*Work instructions*
Set all the entries down once more, with nothing altered.

Stored items
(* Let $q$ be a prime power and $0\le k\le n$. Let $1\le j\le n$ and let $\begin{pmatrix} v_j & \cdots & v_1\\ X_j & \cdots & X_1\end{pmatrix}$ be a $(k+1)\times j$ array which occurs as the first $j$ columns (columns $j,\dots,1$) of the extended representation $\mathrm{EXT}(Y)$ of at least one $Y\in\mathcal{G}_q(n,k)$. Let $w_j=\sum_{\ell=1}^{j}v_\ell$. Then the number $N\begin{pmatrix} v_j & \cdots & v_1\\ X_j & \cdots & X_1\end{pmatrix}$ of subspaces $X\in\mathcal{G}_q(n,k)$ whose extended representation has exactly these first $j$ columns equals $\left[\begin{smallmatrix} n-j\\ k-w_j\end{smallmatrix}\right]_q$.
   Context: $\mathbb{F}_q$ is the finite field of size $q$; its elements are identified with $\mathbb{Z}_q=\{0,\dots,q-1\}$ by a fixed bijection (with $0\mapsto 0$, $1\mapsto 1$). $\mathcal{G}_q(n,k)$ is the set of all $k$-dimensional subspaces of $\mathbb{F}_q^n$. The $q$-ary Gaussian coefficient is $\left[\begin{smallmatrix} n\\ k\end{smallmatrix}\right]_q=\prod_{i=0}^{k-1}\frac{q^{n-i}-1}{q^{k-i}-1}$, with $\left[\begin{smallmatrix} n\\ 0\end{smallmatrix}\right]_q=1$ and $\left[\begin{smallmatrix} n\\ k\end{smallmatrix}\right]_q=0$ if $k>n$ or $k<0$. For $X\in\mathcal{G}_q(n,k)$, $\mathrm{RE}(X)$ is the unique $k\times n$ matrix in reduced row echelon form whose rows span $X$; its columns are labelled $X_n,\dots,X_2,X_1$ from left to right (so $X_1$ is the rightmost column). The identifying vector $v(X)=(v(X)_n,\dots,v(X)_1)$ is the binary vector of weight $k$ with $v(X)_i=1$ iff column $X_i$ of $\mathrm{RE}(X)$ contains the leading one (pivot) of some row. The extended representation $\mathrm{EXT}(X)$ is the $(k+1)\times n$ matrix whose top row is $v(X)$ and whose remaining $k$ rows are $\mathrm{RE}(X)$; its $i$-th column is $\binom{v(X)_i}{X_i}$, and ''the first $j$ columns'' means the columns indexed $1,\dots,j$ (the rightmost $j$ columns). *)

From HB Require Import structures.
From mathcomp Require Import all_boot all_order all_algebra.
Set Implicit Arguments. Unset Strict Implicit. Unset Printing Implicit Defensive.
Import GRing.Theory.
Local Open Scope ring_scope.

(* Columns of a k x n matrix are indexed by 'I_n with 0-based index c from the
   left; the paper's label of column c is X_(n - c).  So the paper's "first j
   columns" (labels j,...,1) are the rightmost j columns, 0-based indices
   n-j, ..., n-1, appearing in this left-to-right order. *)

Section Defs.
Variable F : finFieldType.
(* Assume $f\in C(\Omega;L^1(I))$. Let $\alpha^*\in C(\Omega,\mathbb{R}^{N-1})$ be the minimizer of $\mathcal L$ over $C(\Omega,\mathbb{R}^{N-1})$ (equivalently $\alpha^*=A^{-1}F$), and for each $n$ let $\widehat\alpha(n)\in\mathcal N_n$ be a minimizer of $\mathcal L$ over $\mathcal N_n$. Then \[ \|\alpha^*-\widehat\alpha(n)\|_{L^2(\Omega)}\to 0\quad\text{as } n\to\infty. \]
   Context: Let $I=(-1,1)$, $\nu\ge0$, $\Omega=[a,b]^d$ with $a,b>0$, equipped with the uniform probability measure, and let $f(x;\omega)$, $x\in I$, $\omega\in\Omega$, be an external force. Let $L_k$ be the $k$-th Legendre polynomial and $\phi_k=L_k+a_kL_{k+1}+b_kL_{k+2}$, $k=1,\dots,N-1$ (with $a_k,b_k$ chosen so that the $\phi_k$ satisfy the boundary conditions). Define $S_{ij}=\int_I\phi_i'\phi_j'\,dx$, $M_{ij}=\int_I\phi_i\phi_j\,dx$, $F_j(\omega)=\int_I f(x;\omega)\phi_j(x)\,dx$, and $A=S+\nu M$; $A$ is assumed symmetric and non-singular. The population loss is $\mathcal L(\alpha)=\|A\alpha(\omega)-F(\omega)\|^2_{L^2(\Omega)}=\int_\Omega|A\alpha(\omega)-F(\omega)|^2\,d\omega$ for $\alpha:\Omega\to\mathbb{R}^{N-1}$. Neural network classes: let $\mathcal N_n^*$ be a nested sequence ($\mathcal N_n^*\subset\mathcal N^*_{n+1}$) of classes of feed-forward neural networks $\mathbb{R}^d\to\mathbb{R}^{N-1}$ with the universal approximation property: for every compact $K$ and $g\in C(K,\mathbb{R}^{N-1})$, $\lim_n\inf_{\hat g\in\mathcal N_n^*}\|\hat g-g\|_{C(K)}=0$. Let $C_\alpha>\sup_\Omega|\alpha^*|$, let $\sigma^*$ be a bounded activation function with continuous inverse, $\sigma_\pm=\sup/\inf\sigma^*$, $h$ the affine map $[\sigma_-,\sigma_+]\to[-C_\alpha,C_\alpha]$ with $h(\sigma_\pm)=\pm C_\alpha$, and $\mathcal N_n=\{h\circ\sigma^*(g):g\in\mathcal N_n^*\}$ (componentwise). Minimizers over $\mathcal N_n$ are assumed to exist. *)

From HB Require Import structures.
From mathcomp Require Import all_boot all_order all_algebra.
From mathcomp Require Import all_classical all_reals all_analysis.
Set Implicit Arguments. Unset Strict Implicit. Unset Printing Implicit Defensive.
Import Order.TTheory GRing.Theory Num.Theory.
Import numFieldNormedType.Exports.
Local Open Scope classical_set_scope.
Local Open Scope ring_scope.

*Final answer*
(* Let $q$ be a prime power and $0\le k\le n$. Let $1\le j\le n$ and let $\begin{pmatrix} v_j & \cdots & v_1\\ X_j & \cdots & X_1\end{pmatrix}$ be a $(k+1)\times j$ array which occurs as the first $j$ columns (columns $j,\dots,1$) of the extended representation $\mathrm{EXT}(Y)$ of at least one $Y\in\mathcal{G}_q(n,k)$. Let $w_j=\sum_{\ell=1}^{j}v_\ell$. Then the number $N\begin{pmatrix} v_j & \cdots & v_1\\ X_j & \cdots & X_1\end{pmatrix}$ of subspaces $X\in\mathcal{G}_q(n,k)$ whose extended representation has exactly these first $j$ columns equals $\left[\begin{smallmatrix} n-j\\ k-w_j\end{smallmatrix}\right]_q$.
   Context: $\mathbb{F}_q$ is the finite field of size $q$; its elements are identified with $\mathbb{Z}_q=\{0,\dots,q-1\}$ by a fixed bijection (with $0\mapsto 0$, $1\mapsto 1$). $\mathcal{G}_q(n,k)$ is the set of all $k$-dimensional subspaces of $\mathbb{F}_q^n$. The $q$-ary Gaussian coefficient is $\left[\begin{smallmatrix} n\\ k\end{smallmatrix}\right]_q=\prod_{i=0}^{k-1}\frac{q^{n-i}-1}{q^{k-i}-1}$, with $\left[\begin{smallmatrix} n\\ 0\end{smallmatrix}\right]_q=1$ and $\left[\begin{smallmatrix} n\\ k\end{smallmatrix}\right]_q=0$ if $k>n$ or $k<0$. For $X\in\mathcal{G}_q(n,k)$, $\mathrm{RE}(X)$ is the unique $k\times n$ matrix in reduced row echelon form whose rows span $X$; its columns are labelled $X_n,\dots,X_2,X_1$ from left to right (so $X_1$ is the rightmost column). The identifying vector $v(X)=(v(X)_n,\dots,v(X)_1)$ is the binary vector of weight $k$ with $v(X)_i=1$ iff column $X_i$ of $\mathrm{RE}(X)$ contains the leading one (pivot) of some row. The extended representation $\mathrm{EXT}(X)$ is the $(k+1)\times n$ matrix whose top row is $v(X)$ and whose remaining $k$ rows are $\mathrm{RE}(X)$; its $i$-th column is $\binom{v(X)_i}{X_i}$, and ''the first $j$ columns'' means the columns indexed $1,\dots,j$ (the rightmost $j$ columns). *)

From HB Require Import structures.
From mathcomp Require Import all_boot all_order all_algebra.
Set Implicit Arguments. Unset Strict Implicit. Unset Printing Implicit Defensive.
Import GRing.Theory.
Local Open Scope ring_scope.

(* Columns of a k x n matrix are indexed by 'I_n with 0-based index c from the
   left; the paper's label of column c is X_(n - c).  So the paper's "first j
   columns" (labels j,...,1) are the rightmost j columns, 0-based indices
   n-j, ..., n-1, appearing in this left-to-right order. *)

Section Defs.
Variable F : finFieldType.
(* Assume $f\in C(\Omega;L^1(I))$. Let $\alpha^*\in C(\Omega,\mathbb{R}^{N-1})$ be the minimizer of $\mathcal L$ over $C(\Omega,\mathbb{R}^{N-1})$ (equivalently $\alpha^*=A^{-1}F$), and for each $n$ let $\widehat\alpha(n)\in\mathcal N_n$ be a minimizer of $\mathcal L$ over $\mathcal N_n$. Then \[ \|\alpha^*-\widehat\alpha(n)\|_{L^2(\Omega)}\to 0\quad\text{as } n\to\infty. \]
   Context: Let $I=(-1,1)$, $\nu\ge0$, $\Omega=[a,b]^d$ with $a,b>0$, equipped with the uniform probability measure, and let $f(x;\omega)$, $x\in I$, $\omega\in\Omega$, be an external force. Let $L_k$ be the $k$-th Legendre polynomial and $\phi_k=L_k+a_kL_{k+1}+b_kL_{k+2}$, $k=1,\dots,N-1$ (with $a_k,b_k$ chosen so that the $\phi_k$ satisfy the boundary conditions). Define $S_{ij}=\int_I\phi_i'\phi_j'\,dx$, $M_{ij}=\int_I\phi_i\phi_j\,dx$, $F_j(\omega)=\int_I f(x;\omega)\phi_j(x)\,dx$, and $A=S+\nu M$; $A$ is assumed symmetric and non-singular. The population loss is $\mathcal L(\alpha)=\|A\alpha(\omega)-F(\omega)\|^2_{L^2(\Omega)}=\int_\Omega|A\alpha(\omega)-F(\omega)|^2\,d\omega$ for $\alpha:\Omega\to\mathbb{R}^{N-1}$. Neural network classes: let $\mathcal N_n^*$ be a nested sequence ($\mathcal N_n^*\subset\mathcal N^*_{n+1}$) of classes of feed-forward neural networks $\mathbb{R}^d\to\mathbb{R}^{N-1}$ with the universal approximation property: for every compact $K$ and $g\in C(K,\mathbb{R}^{N-1})$, $\lim_n\inf_{\hat g\in\mathcal N_n^*}\|\hat g-g\|_{C(K)}=0$. Let $C_\alpha>\sup_\Omega|\alpha^*|$, let $\sigma^*$ be a bounded activation function with continuous inverse, $\sigma_\pm=\sup/\inf\sigma^*$, $h$ the affine map $[\sigma_-,\sigma_+]\to[-C_\alpha,C_\alpha]$ with $h(\sigma_\pm)=\pm C_\alpha$, and $\mathcal N_n=\{h\circ\sigma^*(g):g\in\mathcal N_n^*\}$ (componentwise). Minimizers over $\mathcal N_n$ are assumed to exist. *)

From HB Require Import structures.
From mathcomp Require Import all_boot all_order all_algebra.
From mathcomp Require Import all_classical all_reals all_analysis.
Set Implicit Arguments. Unset Strict Implicit. Unset Printing Implicit Defensive.
Import Order.TTheory GRing.Theory Num.Theory.
Import numFieldNormedType.Exports.
Local Open Scope classical_set_scope.
Local Open Scope ring_scope.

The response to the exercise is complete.